На ножах со всем существующим - [37]
Неприступные стены, гетто, спальные районы, полиция и пытки - все эти вещи, довольно заметные сегодня (и эксплуатируемые во всём мире продолжают умирать в этих застенках) - могут сильно измениться в ближайшем будущем. (Не забудьте, что я говорю о проекте, существующем пока лишь в качестве тенденции.) Важно понять, что пять или десять лет сегодня соответствуют сотни лет в недалёком прошлом. Капиталистический проект движется с небывалой скоростью. Те изменения, которые произошли между 1960-м и 1968-м годом, заняли бы сейчас несколько месяцев. Это надо помнить, говоря о трансформации капитала.
Так как же хотят обезопасить себя включённые? Ответ таков: они надеются отрезать исключённых от себя. Как отрезать? А так: отрезав коммуникацию.
Мы подошли к главному концепту власти будущего. Он должен быть рассмотрен как можно глубже. Отрезать коммуникацию означает две вещи: с одной стороны, создать редуцированный, предельно обеднённый язык, обладающий абсолютно элементарным кодом. Язык, позволяющий исключённым пользоваться компьютером, и только. Что-то крайне простое, примиряющее с жизнью, не дающее о ней задуматься и взбунтоваться. И с другой стороны: дать включённым «язык включённых», то есть снабдить их сложной и разветвлённой программой сохранения власти, продвижения вглубь утопии привилегированных, проекта капитала.
Вот что будет реальной стеной - отсутствие общего языка. И эта стена - повыше любой тюремной, на неё непросто взобраться.

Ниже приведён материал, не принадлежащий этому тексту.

(* The sum is the coefficient of [X^(n+1)] in [(1 + w X)^(n+1+a) (1 + X)^(n+1-a)],
   whose factors split as [(1 + w X)^n (1 + w X)^(a+1)] and [(1 + X)^n (1 + X)^(1-a)]. *)
Lemma hypergeometric_sum_coef (a w : K) n :
  \sum_(s < n.+2) gbinom (n.+1%:R + a) s * w ^+ s * gbinom (n.+1%:R - a) (n.+1 - s)
  = (((1 + w *: 'X) * (1 + 'X)) ^+ n
     * (binom_series (a + 1) w n.+2 * binom_series (1 - a) 1 n.+2))`_n.+1.
Proof.
set M := n.+2.
have -> : \sum_(s < n.+2) gbinom (n.+1%:R + a) s * w ^+ s * gbinom (n.+1%:R - a) (n.+1 - s)
    = (binom_series (n.+1%:R + a) w M * binom_series (n.+1%:R - a) 1 M)`_n.+1.
  rewrite coefM; apply: eq_bigr => i _.
  by rewrite !coef_poly ltnS leq_ord ltnS leq_subr expr1n mulr1.
have eqr : n.+1%:R + a = (a + 1) + n%:R by rewrite mulrSr; ring.
have eqs : n.+1%:R - a = (1 - a) + n%:R by rewrite mulrSr; ring.
suff e : take_poly M (binom_series (n.+1%:R + a) w M
    * binom_series (n.+1%:R - a) 1 M) = take_poly M (((1 + w *: 'X) * (1 + 'X)) ^+ n
     * (binom_series (a + 1) w M * binom_series (1 - a) 1 M)).
  by move: (congr1 (fun p : {poly K} => p`_n.+1) e); rewrite !coef_take_poly ltnSn.
rewrite eqr eqs (binom_seriesD_nat (a + 1)) (binom_seriesD_nat (1 - a)) -take_polyM scale1r.
by rewrite exprMn mulrACA mulrC.
Qed.

Lemma l1norm_binomial_pair (w : K) :
  l1norm ((1 + w *: 'X) * (1 + 'X)) = 1 + `|1 + w| + `|w|.
Proof.
have -> : (1 + w *: 'X) * (1 + 'X) = ((0 * 'X + w%:P) * 'X + (1 + w)%:P) * 'X + 1%:P.
  by rewrite -!mul_polyC polyCD !polyC1; ring.
by rewrite !l1norm_MXaddC l1norm0 normr1 add0r addrC [`|w| + _]addrC addrA.
Qed.
End HypergeometricSum.

Lemma fmorph_gbinom (F K : numFieldType) (f : {rmorphism F -> K}) x k :
  f (gbinom x k) = gbinom (f x) k.
Proof.
elim: k => [|k IH]; first by rewrite !gbinom0 rmorph1.
by rewrite !gbinomS -IH !rmorphM fmorphV rmorphB !rmorph_nat.
Qed.

Lemma rmorph_rising (F K : numFieldType) (f : {rmorphism F -> K}) y s :
  f (rising y s) = rising (f y) s.
Proof. by rewrite rmorph_prod; apply: eq_bigr => j _; rewrite rmorphD rmorph_nat. Qed.

Section ComplexBound.
Variable R : rcfType.
Local Open Scope complex_scope.

Lemma normc_real (x : R) : `|x%:C| = `|x|%:C.
Proof. by rewrite normc_def /= expr0n addr0 sqrtr_sqr. Qed.

Lemma norm_gbinom_real (x : R) k : `|gbinom x%:C k| = `|gbinom x k|%:C.
Proof. by rewrite -fmorph_gbinom normc_real. Qed.

Lemma norm_coefM_binom_series_le4 (a : R) (w : R[i]) M k :
  0 < a -> a < 1 -> `|w| = 1 ->
  `|(binom_series (a + 1)%:C w M * binom_series (1 - a)%:C 1 M)`_k| <= 4.
Proof.
move=> a_gt0 a_lt1 w1; rewrite coefM (le_trans (ler_norm_sum _ _ _)) //.
apply: le_trans (_ : \sum_(j < k.+1) `|gbinom (a + 1)%:C j| <= 4).
  apply: ler_sum => j _; rewrite normrM.
  apply: le_trans (ler_pM _ _ (norm_coef_binom_series _ _ _ _)
                             (norm_coef_binom_series _ _ _ _)) _; rewrite ?normr_ge0 //.
  rewrite w1 normr1 !expr1n !mulr1 -[leRHS]mulr1 ler_wpM2l //.
  by rewrite norm_gbinom_real -(rmorph1 (real_complex R)) lecR norm_gbinom1B_le1.
under eq_bigr => j _ do rewrite norm_gbinom_real.
by rewrite -rmorph_sum -[4](rmorph_nat (real_complex R)) lecR sum_norm_gbinomD1_le4.
Qed.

Эта проблема имеет много интересных аспектов. Прежде всего рассмотрим ситуацию самих включённых. Не нужно забывать, что в мире привилегий найдутся люди, не чуждые революционно-идеологическому знанию и опыту. Им будет ненавистна их привилегированная жизнь, они будут чувствовать себя задушенными в тевтонском замке. И они станут шипом в боку капиталистического проекта. Они окажутся классовыми перебежчиками, теми, кто бросит свой класс ради восстания. Такие люди, как мы знаем, встречались и раньше. Я сам прежде принадлежал к привилегированному классу. И я покинул его, чтобы стать «товарищем среди товарищей». Я ушёл от привилегированных вчерашнего дня к революционерам сегодняшнего. И что же я принёс с собой? Я принёс мою гуманистическую культуру. Я могу вам дать только слова. Однако перебежчик завтрашнего дня, будущий революционер, захватит с собой из привилегированного класса технологию. И это будет важно, поскольку одной из главных характеристик завтрашнего капиталистического проекта (и принципиальным его условием) станет дистрибуция знания, уже не пирамидальная, но горизонтальная. Капиталу понадобится дистрибутировать знание в более разумном и равноправном модусе - но всегда только в классе включённых. Поэтому дезертиры привилегированных завтрашнего дня принесут с собой много полезного с революционной точки зрения.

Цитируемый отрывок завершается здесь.